Tom Holland torna nel ruolo di Spider-Man, personalmente non ho mai amato troppo questo giovane attore, ma un po’ la scrittura del personaggio un po’ l’esperienza acquisita hanno reso la sua interpretazione veramente di livello alto. È riuscito a trasmettere ciò che Peter provava anche al pubblico in sala, con un’espressività notevole. Torna anche Zendaya nel ruolo di MJ, si dimostra ancora una volta una valida attrice riesce a cogliere tutte le particolarità di questa Mary Jane (essendo totalmente differente da quella dei fumetti) e a trasportarle nella sua performance. Ritroviamo l’immancabile Samuel Lee Jackson nei panni della spia per eccellenza Fury, che dire interpretazione impeccabile, tanto che porta altre sfaccettature del suo personaggio che non avevamo mai visto. Abbiamo Jake Gyllenhaal nel ruolo di Mysterio, ho veramente apprezzato la sua interpretazione nonostante il personaggio fosse scritto male e non avesse chissà quanti sentimenti da trasmettere, lui ci mette tutto se stesso e porta su schermo una performance niente male.

Alla regia troviamo nuovamente Jon Watts, come nel precedente film.
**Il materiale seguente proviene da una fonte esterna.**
Lemma coker_finite_of_reduction (R : comUnitRingType) (m I a J K : R -> Prop) N :
  noetherian R -> ideal m -> ideal I -> ideal a -> ideal K ->
  (forall x, a x -> K x) -> (forall x, J x -> K x) ->
  (forall n, (N <= n)%N -> forall x, ideal_pow I n x ->
      ideal_add (ideal_mul a (ideal_pow I n.-1)) (ideal_pow J n) x) ->
  coker_finite m I K a.
Proof.
move=> noeth im iI ia iK aK JK reduction.
have [r [deg [G [GI gens]]]] := noetherian_pow_generators N.+1 noeth iI.
have span_all : forall n x, ideal_pow I n x -> coker_span a K deg G n x.
  apply: (coker_span_of_reduction ia iK aK JK (N := N.+1)) => // [n /ltnW|]; first exact: reduction.
  move=> n lt_n x /(gens n lt_n) [c [c0 ->]]; exists c; split=> [i le_i | i lt_i |].
  - have [-> | ne_i] := eqVneq (deg i) n; first by rewrite subnn.
    by rewrite c0 //; apply: ideal0; apply: ideal_pow_ideal.
  - by apply: c0; rewrite gtn_eqF.
  - by rewrite subrr; apply: ideal0; apply: ideal_pow_ideal.
exists r, (gen_seq deg G); split=> [i | y [y_I y_bd]].
  split=> [n|]; last by exists (deg i).+1 => n lt_n; rewrite /gen_seq /delta_seq gtn_eqF.
  rewrite /gen_seq /delta_seq; case: eqP => [-> // | _].
  exact: ideal0 (ideal_pow_ideal _ iI).
have [cs [cs_rep Ky]] := coker_spanned_rep ia iK (fun n => span_all n _ (y_I n)) y_bd.
exists cs; split=> // n; apply: ideal_add_meml => //.
by apply: ideal_mul_ideal => //; apply: ideal_pow_ideal.
Qed.

(* The degree-[0] term of the convolution vanishes, and every other term has a
   factor from [a]. *)
Lemma conv_mem_mul_pow (R : comUnitRingType) (a I : R -> Prop) (c g : nat -> R) n :
  ideal a -> ideal I -> (forall x, a x -> I x) ->
  (forall k, ideal_pow a k (c k)) -> (forall k, ideal_pow I k (g k)) -> g n = 0 ->
  ideal_mul a (ideal_pow I n.-1) (conv c g n).
Proof.
move=> ia iI aI c_a g_I gn0; have iaI := ideal_mul_ideal ia (ideal_pow_ideal n.-1 iI).
rewrite /conv big_ord_recl /= subn0 gn0 mulr0 add0r.
apply: ideal_sum => // k _; apply: (ideal_mul_pow_sub (k := bump 0 k)) => //.
by rewrite /bump /=; have := ltn_ord k; lia.
Qed.

Lemma reduction_of_coker_finite (R : comUnitRingType) (m I a J K : R -> Prop) :
  noetherian R -> is_local_max m -> ideal I -> ideal a -> ideal J ->
  (forall x, a x -> I x) -> (forall x, J x -> I x) -> (forall x, K x -> ideal_add a J x) ->
  coker_finite m I K a ->
  exists N, forall n, (N <= n)%N -> forall x, ideal_pow I n x ->
    ideal_add (ideal_mul a (ideal_pow I n.-1)) (ideal_pow J n) x.
Proof.
move=> noeth local_m iI ia iJ aI JI KaJ [r [gs [gs_rep coker_gen]]].
have im : ideal m by case: local_m.
have [Nf Nf0] : exists Nf : 'I_r -> nat, forall i n, (Nf i <= n)%N -> gs i n = 0.
  apply: (@fin_all_exists _ (fun=> nat) (fun i N => forall n, (N <= n)%N -> gs i n = 0)).
  by move=> i; have [_ []] := gs_rep i; eauto.
exists (\max_i Nf i).+1 => n lt_n x Ix.
set L := ideal_add _ _.
have iL : ideal L.
  by apply: ideal_add_ideal; [apply: ideal_mul_ideal => // |]; apply: ideal_pow_ideal.
have [p [g gE]] := noeth _ (ideal_pow_ideal n iI).
apply: (nakayama local_m iL gE) Ix => {}x Ix.
have [|cs [cs_rep cs_gen]] := coker_gen (delta_seq n x).
  split=> [k|]; last by exists n.+1 => k lt_k; rewrite /delta_seq gtn_eqF.
  by rewrite /delta_seq; case: eqP => [-> // | _]; apply: ideal0; apply: ideal_pow_ideal.
have := cs_gen n; rewrite /delta_seq eqxx.
set S := \sum_(i < r) _ => -[k [mu [Kk mmu E]]].
have aS : ideal_mul a (ideal_pow I n.-1) S.
  apply: ideal_sum => [|i _]; first by apply: ideal_mul_ideal => //; apply: ideal_pow_ideal.
  apply: conv_mem_mul_pow => //; first by case: (cs_rep i).
    by case: (gs_rep i).
  by apply: Nf0; apply: leq_trans (leq_bigmax i) _; apply: ltnW.
have -> : x = (S + k) + mu by rewrite -addrA -E addrC subrK.
exists (S + k), mu; split=> //; apply: idealD => //.
  by apply: ideal_add_meml => //; apply: ideal_pow_ideal.
exact: ideal_pow_sub_add ia iJ iI aI JI KaJ Kk.
Qed.

Theorem corollary2p6 (R : comUnitRingType) (m I : R -> Prop) (l s : nat)
  (f : nat -> R) :
  noetherian R -> is_local_max m -> ideal I ->
  analytic_spread m I l -> (0 < l)%N ->
  (forall i, (1 <= i <= l + s)%N -> I (f i)) ->
  ((exists N, forall n, (N <= n)%N -> forall x,
      ideal_pow I n x <->
      ideal_add (ideal_mul (span_range f 1 l) (ideal_pow I n.-1))
                (ideal_pow (span_range f l (l + s).+1) n) x)
   <-> coker_finite m I (span_range f 1 (l + s).+1) (span_range f 1 l)).
Proof.
move=> noeth local_m iI _ l_gt0 fI.
have ia := span_range_ideal f 1 l; have iJ := span_range_ideal f l (l + s).+1.
have span_sub_I lo hi x : (0 < lo)%N -> (hi <= (l + s).+1)%N -> span_range f lo hi x -> I x.
  by move=> lo_gt0 hi_le; apply: span_range_sub => // i /andP[? ?]; apply: fI; lia.
have aI x := span_sub_I 1 l x isT (leq_trans (leq_addr s l) (leqnSn _)).
have JI x := span_sub_I l (l + s).+1 x l_gt0 (leqnn _).
split=> [[N reduction] | coker_fin].
  apply: (coker_finite_of_reduction (J := span_range f l (l + s).+1) (N := N)) => //.
  - by case: local_m.
  - exact: span_range_ideal.
  - by move=> x; apply: span_range_mono; lia.
  - by move=> x; apply: span_range_mono; lia.
  - by move=> n le_n x /(reduction n le_n).
have KaJ x : span_range f 1 (l + s).+1 x ->
    ideal_add (span_range f 1 l) (span_range f l (l + s).+1) x.
  by apply: span_range_split; apply/andP; split; lia.
have [N reduction] := reduction_of_coker_finite noeth local_m iI ia iJ aI JI KaJ coker_fin.
exists N.+1 => n lt_n x; split; first exact: reduction (ltnW lt_n) x.
case: n lt_n => // n _; exact: ideal_pow_add_sub.
Qed.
Anche questo Spider-Man è perfettamente nello stile del suo regista, che qui riesce ad esprimersi molto meglio che ne precedente. Vediamo un improtanta netta e decisa del regista che non lascia nulla al caso e armonizza il tutto, avendo un’ ottima gestione dei tempi e delle scene.

Grande punto di forza del film sono gli effetti speciali. Tutte le illusioni di Mystierio sembravano reali nel film tanto quanto fuori, tutte le distruzioni e i grandi cataclismi sono resi alla perfezione.

Arriviamo alle conclusioni. È sicuramente un ottimo film sul Ragno e un film riuscito in generale. Lo consiglio a tutti gli amanti del personaggio fumettistico, ma anche a tutti quelli che vogliono passare una piacevole serata in compagnia di un allegro supereroe.